Что должны были усматривать его сверстники в этакой неуклюжести ума? Как согласовывалась такая вопиющая ненаходчивость с его прочной репутацией «быстромыслящего» (по выражению Альберта Йоргенсена)? Он ли, этот ли самый Нильс, находил в школьном учебнике физики слабые места и позволял себе критиковать ошибки, не замеченные учителем? Как же странно была устроена его голова, если сущие пустяки оказывались для него камнем преткновения, а серьезные вещи, недоступные другим, вовсе не затрудняли?
А эта улыбчивая незлобивость – словно ничто вокруг никогда не взывало к отмщению, – откуда бралась она в подростке? Ведь она если и дается людям, то вместе с выстраданной умудренностью.

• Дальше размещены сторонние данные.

(* If a database with integrity constraints $\langle\mathcal{I},\eta\rangle$ (in the setting described below) is consistent, then it has a possible world $U$ such that $|\mathit{Dom}(U)|=O(\mathit{size}(\mathcal{I})+\mathit{size}(\eta))$, where the constant in the $O$-notation depends only on the fixed database schema.
   Context: Constants: $\mathit{Dom}=\{\bot,1,2,\dots\}$ with $\bot$ the null value, $\mathit{Dom}_d=\{1,2,\dots\}$; the only built-in relations are $=$ and $\le$. The set of base predicate symbols (hence the maximum arity) is fixed. For a set $S$ of atoms, $\mathit{Dom}(S)$ is the set of constants occurring in $S$; $\mathit{size}(\cdot)$ is the size of the representation. Facts are ground atoms; definite facts contain no $\bot$. For tuples, $t\preceq t'$ if each $t_i=t'_i$ or $t_i=\bot$; $a\approx b$ if some $s$ has $a\preceq s,b\preceq s$. For a set $S$ of facts: $S^\Downarrow=\{a:\exists b\in S,a\preceq b\}$, $S^\Uparrow=\{a:\exists b\in S,b\preceq a\}$, $S^\approx=\{a:\exists b\in S,b\approx a\}$, $S^\sim=S^\approx\setminus S^\Downarrow$. A database is $\mathcal{I}=\langle D,E\rangle$, $D,E$ finite sets of base facts; $\mathcal{I}_t=D^\Downarrow$, $\mathcal{I}_u=D^\sim\setminus E^\Uparrow$; a possible world of $\mathcal{I}$ is a set $W$ of definite facts with $\mathcal{I}_t\subseteq W^\Downarrow$ and $W\subseteq\mathcal{I}_t\cup\mathcal{I}_u$. Integrity constraints have the form $\exists X\,\forall Y\,(A_1\wedge\dots\wedge A_k\rightarrow B_1\vee\dots\vee B_m)$, atoms without $\bot$ over base and built-in predicates, every variable in $X\cup Y$ and occurring in some base-predicate $A_i$. A possible world of $\langle\mathcal{I},\eta\rangle$ is a possible world of $\mathcal{I}$ satisfying every constraint of $\eta$ (as an interpretation with domain $\mathit{Dom}_d$); $\langle\mathcal{I},\eta\rangle$ is consistent if one exists. *)

From Stdlib Require Import List Arith.
Import ListNotations.

(* Constants: Dom = nat, with 0 playing the role of the null value ⊥,
   and Dom_d = {1,2,...} = the nonzero naturals. *)
Definition null : nat := 0.

(* A fixed schema: predicate symbol p (a nat) is a base predicate iff
   p < length sch, and its arity is nth p sch 0. *)
Definition schema := list nat.

Record fact := mkFact { fpred : nat; fargs : list nat }.

Definition base_fact (sch : schema) (f : fact) : Prop :=
  fpred f < length sch /\ length (fargs f) = nth (fpred f) sch 0.

Definition definite (f : fact) : Prop := Forall (fun c => c <> null) (fargs f).

Definition fset := fact -> Prop.

Definition fle (a b : fact) : Prop :=
  fpred a = fpred b /\ Forall2 (fun x y => x = y \/ x = null) (fargs a) (fargs b).

Definition fapprox (a b : fact) : Prop := exists s, fle a s /\ fle b s.

Definition down (S : fset) : fset := fun a => exists b, S b /\ fle a b.
Definition up (S : fset) : fset := fun a => exists b, S b /\ fle b a.
Definition approxS (S : fset) : fset := fun a => exists b, S b /\ fapprox b a.
Definition tildeS (S : fset) : fset := fun a => approxS S a /\ ~ down S a.

Definition of_list (l : list fact) : fset := fun a => In a l.

Record database := mkDB { dbD : list fact; dbE : list fact }.

Definition It (I : database) : fset := down (of_list (dbD I)).
Definition Iu (I : database) : fset :=
  fun a => tildeS (of_list (dbD I)) a /\ ~ up (of_list (dbE I)) a.

Definition wf_database (sch : schema) (I : database) : Prop :=
  Forall (base_fact sch) (dbD I) /\ Forall (base_fact sch) (dbE I).

Definition possible_world_db (I : database) (W : fset) : Prop :=
  (forall a, W a -> definite a) /\
  (forall a, It I a -> down W a) /\
  (forall a, W a -> It I a \/ Iu I a).

(* Integrity constraints  ∃X ∀Y (A1 ∧ ... ∧ Ak -> B1 ∨ ... ∨ Bm). *)
Inductive term := TVar (v : nat) | TCst (c : nat).

Inductive atom :=
  | ABase (p : nat) (ts : list term)
  | AEq (s t : term)
  | ALe (s t : term).

Record constraint := mkIC {
  ic_ex : list nat;
  ic_all : list nat;
  ic_body : list atom;
  ic_head : list atom
}.

Definition term_vars (t : term) : list nat :=
  match t with TVar v => [v] | TCst _ => [] end.
Definition term_csts (t : term) : list nat :=
  match t with TVar _ => [] | TCst c => [c] end.

Definition atom_terms (a : atom) : list term :=
  match a with ABase _ ts => ts | AEq s t => [s; t] | ALe s t => [s; t] end.

Definition atom_vars (a : atom) : list nat := flat_map term_vars (atom_terms a).

Definition base_atom_vars (a : atom) : list nat :=
  match a with ABase _ ts => flat_map term_vars ts | _ => [] end.

Definition wf_atom (sch : schema) (a : atom) : Prop :=
  Forall (fun t => Forall (fun c => c <> null) (term_csts t)) (atom_terms a) /\
  match a with
  | ABase p ts => p < length sch /\ length ts = nth p sch 0
  | _ => True
  end.

Definition wf_constraint (sch : schema) (ic : constraint) : Prop :=
  (forall v, In v (ic_ex ic) -> ~ In v (ic_all ic)) /\
  Forall (wf_atom sch) (ic_body ic ++ ic_head ic) /\
  (forall a v, In a (ic_body ic ++ ic_head ic) -> In v (atom_vars a) ->
     In v (ic_ex ic ++ ic_all ic)) /\
  (forall v, In v (ic_ex ic ++ ic_all ic) ->
     exists a, In a (ic_body ic) /\ In v (base_atom_vars a)).

Definition eval_term (nu : nat -> nat) (t : term) : nat :=
  match t with TVar v => nu v | TCst c => c end.

Definition holds (W : fset) (nu : nat -> nat) (a : atom) : Prop :=
  match a with
  | ABase p ts => W (mkFact p (map (eval_term nu) ts))
  | AEq s t => eval_term nu s = eval_term nu t
  | ALe s t => eval_term nu s <= eval_term nu t
  end.

Definition satisfies (W : fset) (ic : constraint) : Prop :=
  exists nu1 : nat -> nat,
    (forall x, In x (ic_ex ic) -> nu1 x <> null) /\
    forall nu2 : nat -> nat,
      (forall y, In y (ic_all ic) -> nu2 y <> null) ->
      let nu := fun v => if in_dec Nat.eq_dec v (ic_ex ic) then nu1 v else nu2 v in
      Forall (holds W nu) (ic_body ic) -> Exists (holds W nu) (ic_head ic).

Definition possible_world (I : database) (eta : list constraint) (W : fset) : Prop :=
  possible_world_db I W /\ Forall (satisfies W) eta.

Definition consistent (I : database) (eta : list constraint) : Prop :=
  exists W, possible_world I eta W.

(* Sizes: number of symbols of the representation. *)
Definition size_fact (f : fact) : nat := 1 + length (fargs f).
Definition size_facts (l : list fact) : nat := fold_right (fun f n => size_fact f + n) 0 l.
Definition size_db (I : database) : nat := size_facts (dbD I) + size_facts (dbE I).

Definition size_atom (a : atom) : nat := 1 + length (atom_terms a).
Definition size_atoms (l : list atom) : nat := fold_right (fun a n => size_atom a + n) 0 l.
Definition size_constraint (ic : constraint) : nat :=
  1 + length (ic_ex ic) + length (ic_all ic) + size_atoms (ic_body ic) + size_atoms (ic_head ic).
Definition size_constraints (l : list constraint) : nat :=
  fold_right (fun ic n => size_constraint ic + n) 0 l.

(* |Dom(U)| <= n : the constants occurring in U are among n values. *)
Definition dom_card_le (U : fset) (n : nat) : Prop :=
  exists L : list nat, length L <= n /\
    forall f c, U f -> In c (fargs f) -> In c L.

(* Take any possible world W.  Keep only the facts of W all of whose constants
   lie in a list L made of the constants of one fact of W above each fact of D
   and the constants written in the heads of the constraints; |L| is linear in
   the input.  Being a subset of W, the restriction still lies within
   I_t ∪ I_u, and the chosen facts keep I_t covered.  A constraint body true in
   the restriction is true in W, so some head atom holds in W; its variables are
   bound through base atoms of the body, whose facts have all constants in L,
   so that head fact survives the restriction. *)

From Stdlib Require Import List Lia.
Import ListNotations.

Definition restrict (W : fset) (L : list nat) : fset :=
  fun f => W f /\ incl (fargs f) L.

Lemma fle_refl a : fle a a.
Proof.
  split; [reflexivity|].
  induction (fargs a); constructor; auto.
Qed.

Lemma fle_trans a b c : fle a b -> fle b c -> fle a c.
Proof.
  intros [Hab Hargs_ab] [Hbc Hargs_bc]; split; [congruence|].
  revert Hargs_bc; generalize (fargs c) as args.
  induction Hargs_ab as [|x y l l' Hxy _ IH]; intros args Hl;
    inversion Hl as [|? z ? ? Hyz]; subst; constructor; auto.
  destruct Hxy as [-> | ->]; destruct Hyz as [-> | ->]; auto.
Qed.

Lemma holds_mono (W W' : fset) nu a :
  (forall f, W f -> W' f) -> holds W nu a -> holds W' nu a.
Proof. destruct a; simpl; auto. Qed.

Lemma witnesses_constants (W : fset) (D : list fact) :
  (forall d, In d D -> exists w, W w /\ fle d w) ->
  exists L, length L <= size_facts D /\
    forall d, In d D -> exists w, W w /\ fle d w /\ incl (fargs w) L.
Proof.
  induction D as [|d D IH]; intros Hcov.
  - exists []; split; [auto | intros _ []].
  - destruct (Hcov d (or_introl eq_refl)) as [w [Hw Hdw]].
    destruct IH as [L [HL HLcov]]; [intros; apply Hcov; right; assumption|].
    exists (fargs w ++ L); split.
    + rewrite length_app, <- (Forall2_length (proj2 Hdw)); simpl.
      unfold size_fact; lia.
    + intros d' [<- | Hd'].
      * exists w; split; [|split]; auto using incl_appl, incl_refl.
      * destruct (HLcov d' Hd') as [w' [Hw' [Hle Hincl]]].
        exists w'; split; [|split]; auto using incl_appr.
Qed.

Lemma possible_world_db_restrict I W L :
  possible_world_db I W ->
  (forall d, In d (dbD I) -> exists w, W w /\ fle d w /\ incl (fargs w) L) ->
  possible_world_db I (restrict W L).
Proof.
  intros [Hdef [_ Hsub]] HL; repeat split.
  - intros a [Ha _]; auto.
  - intros a [d [Hd Hle]].
    destruct (HL d Hd) as [w [Hw [Hdw Hincl]]].
    exists w; split; [split; assumption | eapply fle_trans; eassumption].
  - intros a [Ha _]; auto.
Qed.

Definition head_csts (ic : constraint) : list nat :=
  flat_map (fun a => flat_map term_csts (atom_terms a)) (ic_head ic).

Lemma length_csts_atoms l :
  length (flat_map (fun a => flat_map term_csts (atom_terms a)) l) <= size_atoms l.
Proof.
  assert (Hterms : forall ts, length (flat_map term_csts ts) <= length ts)
    by (induction ts as [|[v|c] ts IH]; simpl; lia).
  induction l as [|a l IH]; simpl; [lia|].
  rewrite length_app; specialize (Hterms (atom_terms a)); unfold size_atom; lia.
Qed.

Lemma length_head_csts eta :
  length (flat_map head_csts eta) <= size_constraints eta.
Proof.
  induction eta as [|ic eta IH]; simpl; [lia|].
  assert (Hic : length (head_csts ic) <= size_atoms (ic_head ic))
    by apply length_csts_atoms.
  rewrite length_app; unfold size_constraint; lia.
Qed.

Lemma base_atom_var_in_restrict W L nu b v :
  holds (restrict W L) nu b -> In v (base_atom_vars b) -> In (nu v) L.
Proof.
  destruct b as [p ts| |]; simpl; [|tauto..].
  intros [_ Hincl] Hv; apply Hincl; simpl.
  apply in_flat_map in Hv as [[w|c] [Ht Hv]]; simpl in Hv; [|tauto].
  destruct Hv as [<- | []]; exact (in_map (eval_term nu) _ _ Ht).
Qed.

Lemma head_holds_restrict sch W L ic nu a :
  wf_constraint sch ic -> incl (head_csts ic) L ->
  Forall (holds (restrict W L) nu) (ic_body ic) ->
  In a (ic_head ic) -> holds W nu a -> holds (restrict W L) nu a.
Proof.
  intros [_ [_ [Hclosed Hsafe]]] Hcsts Hbody Ha Hwa.
  destruct a as [p ts| |]; simpl in *; auto.
  split; [exact Hwa|]; intros c Hc.
  apply in_map_iff in Hc as [[v|c'] [<- Ht]]; simpl.
  - assert (Hv : In v (ic_ex ic ++ ic_all ic)).
    { apply (Hclosed (ABase p ts)); [apply in_or_app; right; exact Ha|].
      apply in_flat_map; exists (TVar v); simpl; auto. }
    destruct (Hsafe v Hv) as [b [Hb Hvb]].
    rewrite Forall_forall in Hbody.
    exact (base_atom_var_in_restrict W L nu b v (Hbody b Hb) Hvb).
  - apply Hcsts, in_flat_map; exists (ABase p ts); split; [exact Ha|].
    apply in_flat_map; exists (TCst c'); simpl; auto.
Qed.

Lemma satisfies_restrict sch W L ic :
  wf_constraint sch ic -> incl (head_csts ic) L ->
  satisfies W ic -> satisfies (restrict W L) ic.
Proof.
  intros Hwf Hcsts [nu1 [Hnu1 Hsat]]; exists nu1; split; [exact Hnu1|].
  intros nu2 Hnu2 nu Hbody.
  assert (HbodyW : Forall (holds W nu) (ic_body ic)).
  { eapply Forall_impl; [|exact Hbody].
    intros a; apply holds_mono; intros f [Hf _]; exact Hf. }
  destruct (proj1 (Exists_exists _ _) (Hsat nu2 Hnu2 HbodyW)) as [a [Ha Hwa]].
  apply Exists_exists; exists a; split; [exact Ha|].
  exact (head_holds_restrict sch W L ic nu a Hwf Hcsts Hbody Ha Hwa).
Qed.

Theorem lemma1 :
  forall sch : schema, exists C : nat,
    forall (I : database) (eta : list constraint),
      wf_database sch I ->
      Forall (wf_constraint sch) eta ->
      consistent I eta ->
      exists U, possible_world I eta U /\
        dom_card_le U (C * (size_db I + size_constraints eta)).
Proof.
  intros sch; exists 1; intros I eta _ Hwf [W [Hworld Hsat]].
  destruct (witnesses_constants W (dbD I)) as [LD [HLD HLDcov]].
  { intros d Hd; destruct Hworld as [_ [Hcov _]].
    exact (Hcov d (ex_intro _ d (conj Hd (fle_refl d)))). }
  set (L := LD ++ flat_map head_csts eta).
  exists (restrict W L); split; [split|].
  - apply possible_world_db_restrict; [exact Hworld|].
    intros d Hd; destruct (HLDcov d Hd) as [w [Hw [Hle Hincl]]].
    exists w; split; [|split]; [assumption..| apply incl_appl, Hincl].
  - rewrite Forall_forall in *; intros ic Hic.
    apply (satisfies_restrict sch); auto.
    intros c Hc; apply in_or_app; right; apply in_flat_map; exists ic; auto.
  - exists L; split.
    + unfold L; rewrite length_app; pose proof (length_head_csts eta).
      unfold size_db; lia.
    + intros f c [_ Hincl]; apply Hincl.
Qed.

А эта погруженность в себя – напрасно называют ее мечтательностью, – что скрывалось за нею? Как это удавалось ему не прерывать размышлений о чем-то своем даже на футбольном поле? Харальд, отличный хавбек, великодушествовал: «Да, конечно, Нильс вполне хорош как вратарь, он только медлит с выходом к мячу!»
А эта рассеянность – давно уже понятая как сосредоточенность, – какою внутренней работой его мысли питалась она? Как это получалось у него, что, стоя у доски и выкладывая свое понимание спорного предмета, он забывал обо всем остальном и принимался стирать начертанное мелом не губкой, а рукавами, так что в конце концов и он, и классная доска становились одного цвета?
Уж не был ли он блаженненьким? Какое там! Он любил все, что любят заправские мальчишки всего мира: испытания для мускулатуры, приключенческие книги, смешные истории… Но было очевидно: что-то дано ему еще – что-то глубинное и вневозрастное.
Те немногие – самые близкие, – кто знал о братьях все, чувствовали это. И ускоренное развитие Харальда тут изменить ничего не могло. Духовное первенство брата признавал всегда и сам Харальд. Когда отец, бывало, говорил о Нильсе, что он «достопримечательность семьи», младший радостно с этим соглашался. Фру Маргарет донесла до нас еще одну сентенцию Кристиана Бора о старшем сыне: «Люди будут приходить к Нильсу и слушать его». А иногда, принимая собственную научную судьбу за относительное мерило заслуженного успеха, он говорил так: «Я – серебро, Нильс – золото».
Оттого-то его вера в сыновей не всегда распределялась между ними поровну.
Умного и любящего отца не очень радовало как раз то, что придавало Харальду такой блеск в глазах многих: моментальное остроумие и разнообразие успехов. Возникало подозрение: а не признак ли это поверхностной натуры – то, что слишком уж легко давалось ему все? И скрипка, и математика, и футбол…
Казалось, Харальд никогда не сумеет отдаться чему-нибудь целиком, и науке в будущем достанется только часть его способностей и усилий. Быть истинным ученым в глазах Кристиана Бора значило исполнять пожизненную миссию, а не предаваться одному из интересных занятий в ряду других.